At the bottom of the Compose window, you'll see an icon for Google Drive. Click that icon and then, in the resulting popup, click the My Drive tab, navigate to the folder housing the large file you uploaded to Drive, and then click Insert. 

The Gmail web compose window.

The Gmail compose window includes a number of features you might not have noticed.

Screenshot by Jack Wallen/ZDNET

3. Compose your email

With the file attached, compose your email and send it away. The recipient will receive the email, which will include a link to the file. 

Also: How to change your Gmail inbox layout (and why you you might want to) 

All they have to do is click the link to download the file.

How to avoid the 25MB limit in the mobile Gmail app

This is just as easy. All you have to do is launch the Gmail app and start composing a new email. In the Compose window, tap the paper clip icon and, from the drop-down, select Insert from Drive. 

The Gmail mobile app compose window attachment drop-down.

Attaching a file from Drive in the Gmail mobile app.

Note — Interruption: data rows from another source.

Lemma iter_Tneg_div j w : in_open b w -> Nat.iter j (Tneg b) (w / (- b) ^ j) = w.
Proof.
  revert w; induction j as [|j IH]; intros w Hw.
  - cbn. field.
  - replace (w / (- b) ^ S j) with ((w / - b) / (- b) ^ j).
    + rewrite Nat.iter_succ, IH by now apply in_open_div. now apply Tneg_div.
    + cbn. field. split; [apply pow_opp_neq0 | lra].
Qed.

Lemma in_open_div_pow_le z k m : in_open b (z / (- b) ^ k) -> (k <= m)%nat ->
  in_open b (z / (- b) ^ m).
Proof.
  intros Hk Hm. induction Hm as [|m _ IH]; [exact Hk|].
  rewrite div_pow_S. now apply in_open_div.
Qed.

Lemma exists_in_open z : exists k, in_open b (z / (- b) ^ k).
Proof.
  pose proof ell_bounds.
  assert (eps_pos : 0 < (ell b + 1) / (Rabs z + 1)).
  { apply Rdiv_lt_0_compat; [lra|]. pose proof (Rabs_pos z); lra. }
  destruct (pow_lt_1_zero _ Rabs_inv_opp_lt1 _ eps_pos) as [N HN].
  exists N. specialize (HN N (le_n _)).
  assert (Habs : Rabs (z / (- b) ^ N) < ell b + 1).
  { unfold Rdiv. rewrite <- pow_inv, Rabs_mult.
    pose proof (Rabs_pos z). pose proof (Rabs_pos ((/ - b) ^ N)).
    apply Rmult_lt_compat_r with (r := Rabs z + 1) in HN; [|lra].
    unfold Rdiv in HN. rewrite Rmult_assoc, Rinv_l in HN by lra. nra. }
  apply Rabs_def2 in Habs. unfold in_open. lra.
Qed.

Lemma min_index_exists z : exists k, min_index b z k.
Proof.
  destruct (exists_in_open z) as [k Hk].
  destruct (exists_least_nat (fun k => in_open b (z / (- b) ^ k)) k Hk) as [m Hm]. now exists m.
Qed.

Lemma pow_mul_bounded_eq0 c : (forall i, Rabs ((- b) ^ i * c) <= 1) -> c = 0.
Proof.
  intros Hbd. destruct (Req_dec c 0) as [|Hc]; [assumption|exfalso].
  assert (Hc_pos : 0 < Rabs c) by now apply Rabs_pos_lt.
  destruct (pow_lt_1_zero _ Rabs_inv_opp_lt1 _ Hc_pos) as [N HN].
  specialize (HN N (le_n _)). specialize (Hbd N).
  assert (Hm : Rabs c = Rabs ((/ - b) ^ N) * Rabs ((- b) ^ N * c)).
  { rewrite <- Rabs_mult, pow_inv. f_equal. field. apply pow_opp_neq0. }
  pose proof (Rabs_pos ((/ - b) ^ N)). nra.
Qed.

(* By [vanishes_after_at] any normalising [K] will do; reaching [0] after [K + n] steps
   means that at most the first [n] fractional digits are nonzero. *)
Definition vanishes_after (z : R) (n : nat) : Prop :=
  exists K, in_open b (z / (- b) ^ K) /\ Nat.iter (K + n) (Tneg b) (z / (- b) ^ K) = 0.

Lemma iter_Tneg_shift z K K' n : (K <= K')%nat -> in_open b (z / (- b) ^ K) ->
  Nat.iter (K' + n) (Tneg b) (z / (- b) ^ K') = Nat.iter (K + n) (Tneg b) (z / (- b) ^ K).
Proof.
  intros HK Ho.
  replace (K' + n)%nat with ((K + n) + (K' - K))%nat by lia.
  replace (z / (- b) ^ K') with ((z / (- b) ^ K) / (- b) ^ (K' - K)).
  - now rewrite Nat.iter_add, iter_Tneg_div.
  - replace K' with ((K' - K) + K)%nat at 2 by lia. rewrite pow_add. field.
    split; apply pow_opp_neq0.
Qed.

Lemma vanishes_after_at z n K : vanishes_after z n -> in_open b (z / (- b) ^ K) ->
  Nat.iter (K + n) (Tneg b) (z / (- b) ^ K) = 0.
Proof.
  intros [K0 [Ho0 H0]] Ho.
  rewrite <- (iter_Tneg_shift z K (Nat.max K0 K) n) by (lia || assumption).
  rewrite (iter_Tneg_shift z K0 (Nat.max K0 K) n) by (lia || assumption). exact H0.
Qed.

Lemma vanishes_after0 : vanishes_after 0 0.
Proof.
  pose proof ell_bounds. exists 0%nat.
  rewrite Rdiv_0_l, iter_Tneg_0. split; [unfold in_open; lra | reflexivity].
Qed.

(* Zero digits from position [k] on give [T^(k+i) w = (-b)^i T^k w], which stays bounded
   only if [T^k w = 0]. *)
Lemma in_Zneg_vanishes_after x : in_Zneg b x -> vanishes_after x 0.
Proof.
  intros [k [[Ho _] Hdig]].
  set (w := x / (- b) ^ k) in *.
  assert (Hpow : forall i, Nat.iter (k + i) (Tneg b) w = (- b) ^ i * Nat.iter k (Tneg b) w).
  { induction i as [|i IH].
    - rewrite Nat.add_0_r. cbn. ring.
    - specialize (Hdig (S i) ltac:(lia)).
      replace (k + S i - 1)%nat with (k + i)%nat in Hdig by lia.
      rewrite Nat.add_succ_r, Nat.iter_succ. unfold Tneg at 1.
      unfold digit in Hdig. rewrite Hdig, IH. cbn. ring. }
  exists k. rewrite Nat.add_0_r. split; [exact Ho|].
  apply pow_mul_bounded_eq0. intros i. rewrite <- Hpow.
  pose proof (iter_Tneg_range b w (k + i) Ho). pose proof ell_bounds.
  apply Rabs_le. lra.
Qed.

Lemma vanishes_after_scale z n : vanishes_after z n -> vanishes_after (z * (- b) ^ n) 0.
Proof.
  intros [K [Ho H]]. exists (K + n)%nat.
  replace (z * (- b) ^ n / (- b) ^ (K + n)) with (z / (- b) ^ K)
    by (rewrite pow_add; field; split; apply pow_opp_neq0).
  now rewrite Nat.add_0_r.
Qed.

Lemma vanishes_after_frac_zero z n : vanishes_after z n -> frac_zero_after b z n.
Proof.
  intros Hz. pose proof ell_bounds.
  destruct (min_index_exists z) as [k [Ho Hmin]].
  exists k. split; [split; assumption|].
  intros j Hj. unfold digit.
  replace (k + j - 1)%nat with ((j - 1 - n) + (k + n))%nat by lia.
  rewrite Nat.iter_add, (vanishes_after_at z n k Hz Ho), iter_Tneg_0.
  apply Int_part_unique. cbn. lra.
Qed.

Lemma vanishes_after_fr_le z n : vanishes_after z n -> fr_le b z n.
Proof.
  intros Hz. split.
  - exists n. apply vanishes_after_frac_zero. now apply vanishes_after_scale.
  - now apply vanishes_after_frac_zero.
Qed.

End NegativeBetaTransformation.

(* [(a, b, c)] encodes [a + b γ + c γ^2]; multiplication by [γ] uses [γ^3 = γ^2 + γ + 1]. *)
Definition zg := (Z * Z * Z)%type.

Open Scope Z_scope.

Definition zg_add (s t : zg) : zg :=
  let '(a, b, c) := s in let '(a', b', c') := t in (a + a', b + b', c + c').
Definition zg_opp (t : zg) : zg := let '(a, b, c) := t in (- a, - b, - c).
Definition zg_addZ (t : zg) (n : Z) : zg := let '(a, b, c) := t in (a + n, b, c).
Definition zg_mulNg (t : zg) : zg := let '(a, b, c) := t in (- c, - a - c, - b - c).
Definition zg_mulg1 (t : zg) : zg := let '(a, b, c) := t in (a + c, a + b + c, b + 2 * c).
Definition zg_eqb (s t : zg) : bool :=
  let '(a, b, c) := s in let '(a', b', c') := t in (a =? a') && (b =? b') && (c =? c').

(* A lower bound for [10^9 (a + b γ + c γ^2)], from
   [1839286755 <= 10^9 γ <= 1839286756] and [3382975767 <= 10^9 γ^2 <= 3382975771]. *)
Definition zg_lower (t : zg) : Z :=
  let '(a, b, c) := t in
  1000000000 * a + (if 0 <=? b then b * 1839286755 else b * 1839286756)
    + (if 0 <=? c then c * 3382975767 else c * 3382975771).
Definition zg_posb (t : zg) : bool := 0 <? zg_lower t.
Definition zg_nonnegb (t : zg) : bool := zg_eqb t (0, 0, 0) || zg_posb t.

(* [(γ + 1)(t - ℓ) = (γ + 1) t + γ], so [t ∈ [ℓ, ℓ + 1)] iff it lies in [[0, γ + 1)]. *)
Definition zg_shift (t : zg) : zg := zg_add (zg_mulg1 t) (0, 1, 0).
Definition zg_in_domb (t : zg) : bool :=
  zg_nonnegb (zg_shift t) && zg_posb (zg_add (1, 1, 0) (zg_opp (zg_shift t))).
Definition zg_out_domb (t : zg) : bool :=
  zg_posb (zg_opp (zg_shift t)) || zg_nonnegb (zg_add (zg_shift t) (-1, -1, 0)).

Definition zg_T (t : zg) : option zg :=
  option_map (fun d => zg_addZ (zg_mulNg t) (- d))
    (find (fun d => zg_in_domb (zg_addZ (zg_mulNg t) (- d))) [0; 1]).

Fixpoint zg_iterT (n : nat) (t : zg) : option zg :=
  match n with
  | O => Some t
  | S n' => match zg_T t with Some t' => zg_iterT n' t' | None => None end
  end.

Definition fin_check (L : list zg) : bool :=
  forallb (fun t => zg_out_domb t ||
    match zg_iterT 6 t with Some t' => zg_eqb t' (0, 0, 0) | None => false end) L.

Definition zg_out_windowb (p q t : zg) : bool :=
  zg_nonnegb (zg_opp (zg_add (zg_mulg1 t) p)) || zg_nonnegb (zg_add (zg_mulg1 t) (zg_opp q)).

(* [a], [a2], [c] range over the digits of [x], [y], [z] in one step of [T]. *)
Definition step_check (sg : Z) (p q : zg) (L : list zg) : bool :=
  forallb (fun t => forallb (fun a => forallb (fun a2 => forallb (fun c =>
    let t' := zg_addZ (zg_mulNg t) (a + sg * a2 - c) in
    existsb (zg_eqb t') L || zg_out_windowb p q t') [0; 1]) [0; 1]) [0; 1]) L.

(* The closure of [[(0, 0, 0)]] under the transitions inspected by [step_check]. *)
Definition states_add : list zg :=
  [(-3,0,1); (-2,-3,2); (-2,-2,2); (-2,-1,1); (-2,0,1); (-2,1,0); (-1,-3,2); (-1,-2,1);
   (-1,-1,1); (-1,0,0); (-1,1,0); (-1,2,-1); (0,-3,2); (0,-2,1); (0,-1,1); (0,0,0);
   (0,2,-1); (1,-3,1); (1,-2,1); (1,-1,0); (1,0,0); (1,1,-1); (1,2,-1); (2,-3,1);
   (2,-1,0); (2,1,-1); (3,-2,0); (3,-1,0); (3,0,-1); (3,1,-1)].
Definition states_sub : list zg :=
  [(-3,-1,1); (-3,0,1); (-3,1,0); (-3,2,0); (-2,-1,1); (-2,1,0); (-2,3,-1); (-1,-2,1);
   (-1,-1,1); (-1,0,0); (-1,1,0); (-1,2,-1); (-1,3,-1); (0,-2,1); (0,0,0); (0,1,-1);
   (0,2,-1); (0,3,-2); (1,-2,1); (1,-1,0); (1,0,0); (1,1,-1); (1,2,-1); (1,3,-2);
   (2,-1,0); (2,0,-1); (2,1,-1); (2,2,-2); (2,3,-2); (3,0,-1)].

Lemma step_check_add : step_check 1 (2, 1, 0) (1, 2, 0) states_add = true.
Proof. vm_compute. reflexivity. Qed.
Lemma step_check_sub : step_check (-1) (1, 2, 0) (2, 1, 0) states_sub = true.
Proof. vm_compute. reflexivity. Qed.
Lemma fin_check_add : fin_check states_add = true.
Proof. vm_compute. reflexivity. Qed.
Lemma fin_check_sub : fin_check states_sub = true.
Proof. vm_compute. reflexivity. Qed.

Screenshot by Jack Wallen/ZDNET

From the new page, tap My Drive, navigate to the large file you want to send, select the file, and tap Select. The link will be automatically generated and added to the email. Finish composing, tap the Send button, and you're done.

The Gmail mobile app file picker.

You can select files from anywhere in your Google Drive account.

Screenshot by Jack Wallen/ZDNET

Also: How to optimize your Gmail inbox layout (and why you might want to)

And that, my friends, is all it takes to avoid the 25MB file limit in both the web and mobile versions of Gmail. Enjoy sending those large files.